*Instructions to follow*
Starting with the line containing "have yZ : y \in supp Z." and going on through the line containing "by case: xYY'", return the lines of the data below exactly, and only those.

*Raw data*
Lemma contr_setU1 N e Z : independent C (e |: N) -> Z \in contr C (e |: N) ->
  exists2 W, W \in contr C N & ssetD W [set e] = Z.
Proof.
set T := e |: N => indT Zmin.
have NT : N \subset T := subsetUr _ _.
have candT Y : Y \in C -> ssetD Y T \in contr_cands C T.
  by move=> YC; rewrite cands_ssetD // setD_eq0; apply/negP/indT.
have [Y YC ZE] := contr_candsP (contr_cand Zmin).
have suppZ : supp Z = supp Y :\: T by rewrite ZE supp_ssetD.
have YNcand : ssetD Y N \in contr_cands C N.
  by rewrite cands_ssetD // setD_eq0; apply/negP => /subset_trans/(_ NT); apply: indT.
have [W Wmin WY] := contr_sub_cand YNcand.
have [Y' Y'C WE] := contr_candsP (contr_cand Wmin).
rewrite WE !supp_ssetD in WY.
have [eqY | neqY] := eqVneq (supp Y') (supp Y).
  exists (ssetD Y N); last by rewrite ZE ssetDDl setUC.
  apply: contr_of_min => // V Vcand.
  have -> : supp (ssetD Y N) = supp W by rewrite WE !supp_ssetD eqY.
  exact: contr_min Wmin Vcand.
exists W => //; rewrite WE ssetDDl setUC -/T.
have suppY' : supp (ssetD Y' T) = supp Z.
  apply: contr_min Zmin (candT Y' Y'C) _.
  have DNT (S : {set 'I_m}) : S :\: T = S :\: N :\: T by rewrite setDDl (setUidPr NT).
  by rewrite suppZ supp_ssetD (DNT (supp Y')) (DNT (supp Y)) setSD.
(* A sign conflict y between Y' and Y would be eliminated into a candidate
   strictly inside supp Z. *)
apply: eq_sset_sep0 => //; rewrite ?ZE; try exact/disjoint_ssetD/Cdisj.
apply/eqP/set0Pn => -[y]; rewrite sep_ssetD => /setDP[ysep yT].
have [Z' Z'C Z'sub] := elimination_sep Celim Y'C YC neqY ysep.
have yZ : y \in supp Z.
  by rewrite -suppY' supp_ssetD inE yT (subsetP (sep_sub_supp _ _) _ ysep).
have : supp (ssetD Z' T) = supp Z.
  apply: contr_min Zmin (candT Z' Z'C) _; rewrite supp_ssetD.
  apply/subsetP => x /setDP[/(subsetP Z'sub)/setD1P[_ /setUP xYY'] xT].
  by case: xYY' => xY; [rewrite -suppY' supp_ssetD | rewrite suppZ]; rewrite inE xT xY.
move/setP/(_ y); rewrite yZ supp_ssetD inE => /andP[_ /(subsetP Z'sub)].
by rewrite !inE eqxx.
Qed.

Lemma acyclic_contr_setU1 N A e : independent C (e |: N) ->
  acyclic (reor A (contr C N)) -> acyclic (reor [set e] (reor A (contr C N))) ->
  acyclic (reor A (contr C (e |: N))).
Proof.
move=> indT acyc acyc_e; apply/forall_inP => _ /imsetP[Z Zmin ->].
have [W Wmin <-] := contr_setU1 indT Zmin.
rewrite reor_ssetD /= setD_eq0.
apply: acyclic_reor1_neg acyc acyc_e (imset_f _ Wmin).
exact/sign_disjoint_reor/sign_disjoint_contr.
Qed.

End ContractOneMore.

Lemma NBC_independent C N : (set0, set0) \notin C -> NBC C N -> independent C N.
Proof.
move=> C0 NN X XC XN.
have /set0Pn[x xX] : supp X != set0.
  apply: contraNneq C0 => /eqP; rewrite setU_eq0 => /andP[/eqP X1 /eqP X2].
  by rewrite [X]surjective_pairing X1 X2 in XC.
have [e0 e0X e0max] := arg_maxnP (fun i : 'I_m => val i) xX.
apply: (NN (supp X :\ e0)); last exact: subset_trans (subD1set _ _) XN.
by exists X => //; exists e0.
Qed.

*Exercise solution*
have yZ : y \in supp Z.
  by rewrite -suppY' supp_ssetD inE yT (subsetP (sep_sub_supp _ _) _ ysep).
have : supp (ssetD Z' T) = supp Z.
  apply: contr_min Zmin (candT Z' Z'C) _; rewrite supp_ssetD.
  apply/subsetP => x /setDP[/(subsetP Z'sub)/setD1P[_ /setUP xYY'] xT].
  by case: xYY' => xY; [rewrite -suppY' supp_ssetD | rewrite suppZ]; rewrite inE xT xY.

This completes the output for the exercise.